Task directions — Write out, from the entries below, exactly the lines that run between the lines holding "[apply pow_incr; lra|]." and "pose proof (Rmult_le_compat_l", inclusive, and stop there.

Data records
● ● ● ● ● ● ●

Lemma pow_mul_pow_le (r s x : R) (k n m : nat) :
  1 <= r -> 1 <= s -> r <= x -> s <= (x / r) ^ k ->
  r ^ n * s ^ m <= x ^ n + (r ^ k * s) ^ m.
Proof.
  intros Hr Hs Hrx Hk.
  assert (Hxr : 1 <= x / r).
  { apply (Rmult_le_reg_r r); [lra|]; unfold Rdiv; rewrite Rmult_assoc, Rinv_l; lra. }
  assert (Hxn : 0 <= x ^ n) by (apply pow_le; lra).
  assert (Hrsm : 0 <= (r ^ k * s) ^ m) by (apply pow_le, Rmult_le_pos; [apply pow_le|]; lra).
  assert (Hrn0 : 0 <= r ^ n) by (apply pow_le; lra).
  destruct (Compare_dec.le_lt_dec (k * m) n) as [Hkm|Hkm].
  - assert (Hsm : s ^ m <= (x / r) ^ n).
    { apply Rle_trans with (((x / r) ^ k) ^ m); [apply pow_incr; lra|].
      rewrite <- pow_mult; apply Rle_pow; auto. }
    replace (x ^ n) with (r ^ n * (x / r) ^ n)
      by (rewrite <- Rpow_mult_distr; f_equal; field; lra).
    pose proof (Rmult_le_compat_l _ _ _ Hrn0 Hsm); lra.
  - pose proof (pow_le_pow_mul r k n m Hr ltac:(lia)) as Hrn.
    rewrite Rpow_mult_distr.
    pose proof (Rmult_le_compat_r (s ^ m) _ _ ltac:(apply pow_le; lra) Hrn); lra.
Qed.

Lemma exists_gap (rho r : R) :
  0 < rho -> rho * r < 1 ->
  exists x k, r < x /\ (1 <= k)%nat /\ 0 < 1 - / INR k - rho * x.
Proof.
  intros Hrho Hr.
  exists ((r + / rho) / 2).
  assert (Hx : rho * ((r + / rho) / 2) = (rho * r + 1) / 2) by (field; lra).
  destruct (archimed_cor1 ((1 - rho * r) / 2)) as [k [Hk Hk0]]; [lra|].
  exists k; repeat split; [|lia|lra].
  apply (Rmult_lt_reg_l rho); [lra|]; lra.
Qed.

● ● ● ● ● ● ●

Result of this task —
    { apply Rle_trans with (((x / r) ^ k) ^ m); [apply pow_incr; lra|].
      rewrite <- pow_mult; apply Rle_pow; auto. }
    replace (x ^ n) with (r ^ n * (x / r) ^ n)
      by (rewrite <- Rpow_mult_distr; f_equal; field; lra).
    pose proof (Rmult_le_compat_l _ _ _ Hrn0 Hsm); lra.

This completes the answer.